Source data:
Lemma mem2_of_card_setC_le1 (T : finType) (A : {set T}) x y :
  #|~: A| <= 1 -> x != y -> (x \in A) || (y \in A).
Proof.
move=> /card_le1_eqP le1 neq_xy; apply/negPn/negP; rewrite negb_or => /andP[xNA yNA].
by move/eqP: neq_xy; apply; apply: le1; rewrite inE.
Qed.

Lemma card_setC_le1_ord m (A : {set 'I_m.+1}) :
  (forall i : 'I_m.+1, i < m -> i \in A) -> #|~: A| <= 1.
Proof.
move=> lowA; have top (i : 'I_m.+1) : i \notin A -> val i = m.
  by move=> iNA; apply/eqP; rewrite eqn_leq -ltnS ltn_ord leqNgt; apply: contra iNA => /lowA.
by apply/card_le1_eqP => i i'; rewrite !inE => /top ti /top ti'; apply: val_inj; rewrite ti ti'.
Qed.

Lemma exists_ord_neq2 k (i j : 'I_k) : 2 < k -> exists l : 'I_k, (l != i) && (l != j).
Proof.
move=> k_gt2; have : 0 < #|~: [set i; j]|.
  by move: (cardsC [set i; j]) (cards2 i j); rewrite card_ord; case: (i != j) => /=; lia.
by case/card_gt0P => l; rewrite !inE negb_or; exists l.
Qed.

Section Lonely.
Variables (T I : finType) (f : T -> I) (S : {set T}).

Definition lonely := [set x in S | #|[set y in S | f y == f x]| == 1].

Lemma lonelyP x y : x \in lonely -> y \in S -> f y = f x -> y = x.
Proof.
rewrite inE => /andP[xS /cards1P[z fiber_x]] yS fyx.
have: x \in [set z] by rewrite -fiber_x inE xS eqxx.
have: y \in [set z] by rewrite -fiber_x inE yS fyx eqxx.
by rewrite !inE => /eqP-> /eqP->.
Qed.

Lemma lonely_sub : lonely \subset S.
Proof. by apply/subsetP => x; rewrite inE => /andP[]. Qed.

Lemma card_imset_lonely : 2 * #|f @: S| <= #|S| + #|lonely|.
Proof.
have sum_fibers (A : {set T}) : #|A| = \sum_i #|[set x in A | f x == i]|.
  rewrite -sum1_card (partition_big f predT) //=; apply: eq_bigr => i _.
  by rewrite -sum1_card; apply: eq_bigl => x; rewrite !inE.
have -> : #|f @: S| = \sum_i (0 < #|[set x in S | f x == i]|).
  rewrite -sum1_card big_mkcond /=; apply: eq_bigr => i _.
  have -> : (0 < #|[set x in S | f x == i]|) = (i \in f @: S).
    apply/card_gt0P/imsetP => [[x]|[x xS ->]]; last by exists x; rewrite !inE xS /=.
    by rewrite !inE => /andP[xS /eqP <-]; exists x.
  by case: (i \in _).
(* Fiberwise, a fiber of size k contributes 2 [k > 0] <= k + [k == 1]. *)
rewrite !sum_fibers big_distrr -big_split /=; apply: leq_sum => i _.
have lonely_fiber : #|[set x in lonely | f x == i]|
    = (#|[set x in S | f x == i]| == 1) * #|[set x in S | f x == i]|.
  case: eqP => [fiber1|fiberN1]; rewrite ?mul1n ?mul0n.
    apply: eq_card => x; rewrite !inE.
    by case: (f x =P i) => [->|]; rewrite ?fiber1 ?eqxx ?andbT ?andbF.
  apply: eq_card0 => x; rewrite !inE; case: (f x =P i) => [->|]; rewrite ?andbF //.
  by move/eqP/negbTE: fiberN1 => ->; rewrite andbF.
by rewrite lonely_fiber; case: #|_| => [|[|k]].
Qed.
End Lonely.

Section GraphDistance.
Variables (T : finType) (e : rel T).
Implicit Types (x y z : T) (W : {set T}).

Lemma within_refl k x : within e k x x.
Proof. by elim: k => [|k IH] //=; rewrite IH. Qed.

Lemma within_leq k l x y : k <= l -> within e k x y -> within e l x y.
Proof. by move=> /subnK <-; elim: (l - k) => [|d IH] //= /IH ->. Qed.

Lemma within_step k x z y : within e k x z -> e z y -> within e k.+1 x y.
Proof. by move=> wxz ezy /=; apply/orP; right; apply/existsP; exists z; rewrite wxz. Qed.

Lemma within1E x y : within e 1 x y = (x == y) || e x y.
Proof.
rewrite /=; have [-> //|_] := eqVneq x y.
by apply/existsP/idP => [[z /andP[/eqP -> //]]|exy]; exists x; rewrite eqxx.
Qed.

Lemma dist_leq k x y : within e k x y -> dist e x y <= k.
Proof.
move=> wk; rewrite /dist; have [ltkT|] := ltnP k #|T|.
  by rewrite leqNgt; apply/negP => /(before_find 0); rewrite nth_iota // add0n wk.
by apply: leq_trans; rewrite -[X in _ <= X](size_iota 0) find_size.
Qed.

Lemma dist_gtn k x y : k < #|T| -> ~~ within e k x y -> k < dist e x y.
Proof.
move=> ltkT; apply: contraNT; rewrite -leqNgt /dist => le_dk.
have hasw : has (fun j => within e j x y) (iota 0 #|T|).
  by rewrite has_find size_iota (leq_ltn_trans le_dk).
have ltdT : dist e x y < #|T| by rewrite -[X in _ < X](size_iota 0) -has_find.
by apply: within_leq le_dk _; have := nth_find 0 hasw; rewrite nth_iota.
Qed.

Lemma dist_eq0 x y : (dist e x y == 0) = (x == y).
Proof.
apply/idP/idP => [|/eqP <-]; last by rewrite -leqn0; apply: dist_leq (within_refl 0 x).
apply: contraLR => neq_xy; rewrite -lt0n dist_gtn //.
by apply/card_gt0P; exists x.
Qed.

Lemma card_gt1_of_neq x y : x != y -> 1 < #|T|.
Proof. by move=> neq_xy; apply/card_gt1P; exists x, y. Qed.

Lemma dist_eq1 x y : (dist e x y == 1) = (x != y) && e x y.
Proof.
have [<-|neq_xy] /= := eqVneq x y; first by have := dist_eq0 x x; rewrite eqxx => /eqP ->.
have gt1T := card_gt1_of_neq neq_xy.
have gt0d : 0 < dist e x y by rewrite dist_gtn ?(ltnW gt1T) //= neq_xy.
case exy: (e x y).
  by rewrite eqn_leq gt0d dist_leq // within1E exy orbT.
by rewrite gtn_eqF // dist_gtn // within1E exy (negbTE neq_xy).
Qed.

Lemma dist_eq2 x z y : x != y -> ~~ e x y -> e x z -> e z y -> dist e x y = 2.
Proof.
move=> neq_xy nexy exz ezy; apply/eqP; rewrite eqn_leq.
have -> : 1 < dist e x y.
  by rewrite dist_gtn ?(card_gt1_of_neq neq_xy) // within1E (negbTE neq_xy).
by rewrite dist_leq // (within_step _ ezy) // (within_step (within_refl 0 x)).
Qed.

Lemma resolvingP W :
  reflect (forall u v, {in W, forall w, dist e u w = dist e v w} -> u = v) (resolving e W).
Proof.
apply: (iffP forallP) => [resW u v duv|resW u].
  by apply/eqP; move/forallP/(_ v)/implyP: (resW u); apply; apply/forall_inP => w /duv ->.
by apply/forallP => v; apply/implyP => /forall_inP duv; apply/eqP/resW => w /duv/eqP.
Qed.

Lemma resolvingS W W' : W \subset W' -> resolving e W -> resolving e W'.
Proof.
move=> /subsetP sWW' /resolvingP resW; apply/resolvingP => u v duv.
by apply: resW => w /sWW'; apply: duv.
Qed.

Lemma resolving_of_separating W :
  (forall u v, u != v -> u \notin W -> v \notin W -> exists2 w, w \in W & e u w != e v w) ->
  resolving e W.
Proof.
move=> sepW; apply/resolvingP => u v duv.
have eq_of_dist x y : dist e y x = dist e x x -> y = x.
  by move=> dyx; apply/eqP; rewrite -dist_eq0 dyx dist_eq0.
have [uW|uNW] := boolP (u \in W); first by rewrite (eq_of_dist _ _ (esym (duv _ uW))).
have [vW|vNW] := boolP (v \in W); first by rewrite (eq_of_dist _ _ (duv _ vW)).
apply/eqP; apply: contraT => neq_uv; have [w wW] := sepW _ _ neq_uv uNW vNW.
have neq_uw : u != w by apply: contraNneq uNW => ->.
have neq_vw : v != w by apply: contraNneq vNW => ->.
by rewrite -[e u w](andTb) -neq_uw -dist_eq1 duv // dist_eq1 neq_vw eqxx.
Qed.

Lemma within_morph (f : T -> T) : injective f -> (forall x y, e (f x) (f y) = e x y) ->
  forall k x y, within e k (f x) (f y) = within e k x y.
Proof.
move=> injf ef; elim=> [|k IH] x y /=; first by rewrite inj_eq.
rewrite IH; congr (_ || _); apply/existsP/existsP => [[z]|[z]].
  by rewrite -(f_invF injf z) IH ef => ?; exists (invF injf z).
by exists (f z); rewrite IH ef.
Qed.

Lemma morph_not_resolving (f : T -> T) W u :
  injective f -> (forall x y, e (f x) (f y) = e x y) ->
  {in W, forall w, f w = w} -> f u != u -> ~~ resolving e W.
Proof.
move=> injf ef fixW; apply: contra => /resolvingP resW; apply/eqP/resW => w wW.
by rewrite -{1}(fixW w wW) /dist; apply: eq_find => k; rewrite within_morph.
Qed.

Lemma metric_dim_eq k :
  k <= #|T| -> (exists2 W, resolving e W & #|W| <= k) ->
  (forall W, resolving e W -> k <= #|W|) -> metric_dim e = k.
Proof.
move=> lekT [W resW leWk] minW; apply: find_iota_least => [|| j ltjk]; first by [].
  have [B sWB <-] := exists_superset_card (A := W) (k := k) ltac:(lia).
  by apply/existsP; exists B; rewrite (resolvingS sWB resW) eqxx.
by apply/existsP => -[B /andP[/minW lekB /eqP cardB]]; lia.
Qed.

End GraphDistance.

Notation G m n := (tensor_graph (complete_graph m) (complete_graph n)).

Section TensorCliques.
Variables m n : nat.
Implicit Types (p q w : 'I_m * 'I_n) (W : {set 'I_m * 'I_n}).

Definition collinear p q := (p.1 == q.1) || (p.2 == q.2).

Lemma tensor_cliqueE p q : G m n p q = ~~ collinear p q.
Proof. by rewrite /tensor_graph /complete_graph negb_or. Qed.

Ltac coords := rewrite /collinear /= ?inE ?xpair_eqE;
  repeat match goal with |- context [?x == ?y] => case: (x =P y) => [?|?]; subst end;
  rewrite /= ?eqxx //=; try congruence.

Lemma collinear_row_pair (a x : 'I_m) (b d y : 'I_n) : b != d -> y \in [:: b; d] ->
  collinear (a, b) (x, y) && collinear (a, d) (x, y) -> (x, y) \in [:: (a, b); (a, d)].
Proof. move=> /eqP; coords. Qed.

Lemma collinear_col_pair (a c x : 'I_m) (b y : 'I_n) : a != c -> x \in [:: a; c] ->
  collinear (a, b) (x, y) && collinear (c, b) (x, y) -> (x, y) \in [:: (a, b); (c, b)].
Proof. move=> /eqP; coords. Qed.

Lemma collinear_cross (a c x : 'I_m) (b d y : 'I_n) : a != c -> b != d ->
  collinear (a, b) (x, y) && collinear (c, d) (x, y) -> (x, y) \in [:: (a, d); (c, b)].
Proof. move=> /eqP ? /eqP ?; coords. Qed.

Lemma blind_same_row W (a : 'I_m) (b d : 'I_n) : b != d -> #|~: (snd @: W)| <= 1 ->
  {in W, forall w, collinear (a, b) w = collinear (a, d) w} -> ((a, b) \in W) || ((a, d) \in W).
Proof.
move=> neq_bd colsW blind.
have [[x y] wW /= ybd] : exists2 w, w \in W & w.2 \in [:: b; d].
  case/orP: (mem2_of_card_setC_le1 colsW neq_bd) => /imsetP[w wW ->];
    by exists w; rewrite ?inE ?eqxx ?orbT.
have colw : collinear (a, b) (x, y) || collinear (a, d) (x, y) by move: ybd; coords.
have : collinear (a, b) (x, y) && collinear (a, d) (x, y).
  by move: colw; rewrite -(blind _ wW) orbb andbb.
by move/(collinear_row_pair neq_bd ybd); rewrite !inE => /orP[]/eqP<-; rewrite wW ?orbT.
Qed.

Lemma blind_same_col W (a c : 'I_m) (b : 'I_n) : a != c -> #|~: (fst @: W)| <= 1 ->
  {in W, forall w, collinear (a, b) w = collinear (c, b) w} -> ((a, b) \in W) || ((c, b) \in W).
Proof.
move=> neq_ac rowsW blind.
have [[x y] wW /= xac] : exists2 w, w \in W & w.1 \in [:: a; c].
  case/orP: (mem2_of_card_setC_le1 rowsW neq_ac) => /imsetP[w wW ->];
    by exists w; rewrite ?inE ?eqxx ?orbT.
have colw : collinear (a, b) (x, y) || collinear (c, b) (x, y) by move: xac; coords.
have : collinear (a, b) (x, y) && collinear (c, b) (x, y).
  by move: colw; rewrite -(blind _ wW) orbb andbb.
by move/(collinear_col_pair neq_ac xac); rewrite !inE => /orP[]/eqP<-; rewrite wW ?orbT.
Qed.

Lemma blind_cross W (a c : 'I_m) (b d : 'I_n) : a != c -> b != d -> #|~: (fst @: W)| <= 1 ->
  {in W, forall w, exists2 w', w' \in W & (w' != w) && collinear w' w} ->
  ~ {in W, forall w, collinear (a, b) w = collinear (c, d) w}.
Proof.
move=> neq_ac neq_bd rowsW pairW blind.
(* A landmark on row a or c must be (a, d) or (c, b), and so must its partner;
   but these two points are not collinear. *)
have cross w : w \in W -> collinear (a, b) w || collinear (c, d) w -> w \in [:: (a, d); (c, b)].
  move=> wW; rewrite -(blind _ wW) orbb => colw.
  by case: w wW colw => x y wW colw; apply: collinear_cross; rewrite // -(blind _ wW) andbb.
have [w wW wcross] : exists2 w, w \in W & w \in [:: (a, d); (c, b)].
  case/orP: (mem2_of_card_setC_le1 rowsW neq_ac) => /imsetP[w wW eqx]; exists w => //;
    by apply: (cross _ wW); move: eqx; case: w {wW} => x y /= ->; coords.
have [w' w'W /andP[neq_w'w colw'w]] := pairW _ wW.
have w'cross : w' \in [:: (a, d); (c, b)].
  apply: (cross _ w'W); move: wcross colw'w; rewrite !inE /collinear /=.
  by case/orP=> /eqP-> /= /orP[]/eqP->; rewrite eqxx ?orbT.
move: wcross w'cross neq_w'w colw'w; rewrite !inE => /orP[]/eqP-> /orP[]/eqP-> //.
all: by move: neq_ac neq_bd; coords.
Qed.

* * *

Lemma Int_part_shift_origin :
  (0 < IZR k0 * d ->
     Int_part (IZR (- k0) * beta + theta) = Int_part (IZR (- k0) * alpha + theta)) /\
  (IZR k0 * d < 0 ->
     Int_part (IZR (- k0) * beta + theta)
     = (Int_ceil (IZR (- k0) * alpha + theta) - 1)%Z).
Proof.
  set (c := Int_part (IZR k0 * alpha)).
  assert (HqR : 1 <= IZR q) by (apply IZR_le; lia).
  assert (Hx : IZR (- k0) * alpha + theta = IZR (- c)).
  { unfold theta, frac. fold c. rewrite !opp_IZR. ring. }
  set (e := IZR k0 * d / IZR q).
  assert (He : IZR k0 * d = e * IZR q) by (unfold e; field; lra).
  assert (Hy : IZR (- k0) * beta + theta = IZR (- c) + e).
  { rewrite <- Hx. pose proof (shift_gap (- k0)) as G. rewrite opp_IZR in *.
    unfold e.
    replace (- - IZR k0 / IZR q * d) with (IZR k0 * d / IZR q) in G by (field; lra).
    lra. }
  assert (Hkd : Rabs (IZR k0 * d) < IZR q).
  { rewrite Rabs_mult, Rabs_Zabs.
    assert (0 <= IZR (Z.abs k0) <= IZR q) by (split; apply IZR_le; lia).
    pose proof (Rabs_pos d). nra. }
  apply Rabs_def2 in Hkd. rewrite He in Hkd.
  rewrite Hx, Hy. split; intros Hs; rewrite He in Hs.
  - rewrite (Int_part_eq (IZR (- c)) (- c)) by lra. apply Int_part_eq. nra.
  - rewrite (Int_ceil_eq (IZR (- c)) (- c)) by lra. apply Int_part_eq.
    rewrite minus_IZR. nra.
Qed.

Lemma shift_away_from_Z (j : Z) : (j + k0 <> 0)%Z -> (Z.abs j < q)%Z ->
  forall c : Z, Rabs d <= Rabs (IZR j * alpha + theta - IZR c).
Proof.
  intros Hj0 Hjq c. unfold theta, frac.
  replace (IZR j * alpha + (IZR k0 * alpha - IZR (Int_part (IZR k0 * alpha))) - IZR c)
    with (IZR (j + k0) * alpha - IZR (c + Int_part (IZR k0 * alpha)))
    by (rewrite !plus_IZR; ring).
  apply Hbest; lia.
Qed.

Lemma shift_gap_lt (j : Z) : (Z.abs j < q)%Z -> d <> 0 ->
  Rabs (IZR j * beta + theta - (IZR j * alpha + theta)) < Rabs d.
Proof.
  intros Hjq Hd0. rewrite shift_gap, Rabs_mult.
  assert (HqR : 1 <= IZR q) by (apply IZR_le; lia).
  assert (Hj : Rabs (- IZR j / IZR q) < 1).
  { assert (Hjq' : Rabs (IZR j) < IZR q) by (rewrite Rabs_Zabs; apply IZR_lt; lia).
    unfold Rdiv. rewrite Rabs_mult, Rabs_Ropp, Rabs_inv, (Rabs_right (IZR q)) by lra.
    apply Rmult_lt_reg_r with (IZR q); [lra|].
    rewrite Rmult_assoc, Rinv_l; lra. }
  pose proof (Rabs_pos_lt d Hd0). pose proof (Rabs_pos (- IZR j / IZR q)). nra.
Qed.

* _Your goal_
Given the data above, transcribe exactly the lines from the one containing "have : collinear (a, b) (x, y) && collinear (c, b)" down to the one containing "forall w, exists2", and no others.

* _Your solution_
have : collinear (a, b) (x, y) && collinear (c, b) (x, y).
  by move: colw; rewrite -(blind _ wW) orbb andbb.
by move/(collinear_col_pair neq_ac xac); rewrite !inE => /orP[]/eqP<-; rewrite wW ?orbT.
Qed.

Lemma blind_cross W (a c : 'I_m) (b d : 'I_n) : a != c -> b != d -> #|~: (fst @: W)| <= 1 ->
  {in W, forall w, exists2 w', w' \in W & (w' != w) && collinear w' w} ->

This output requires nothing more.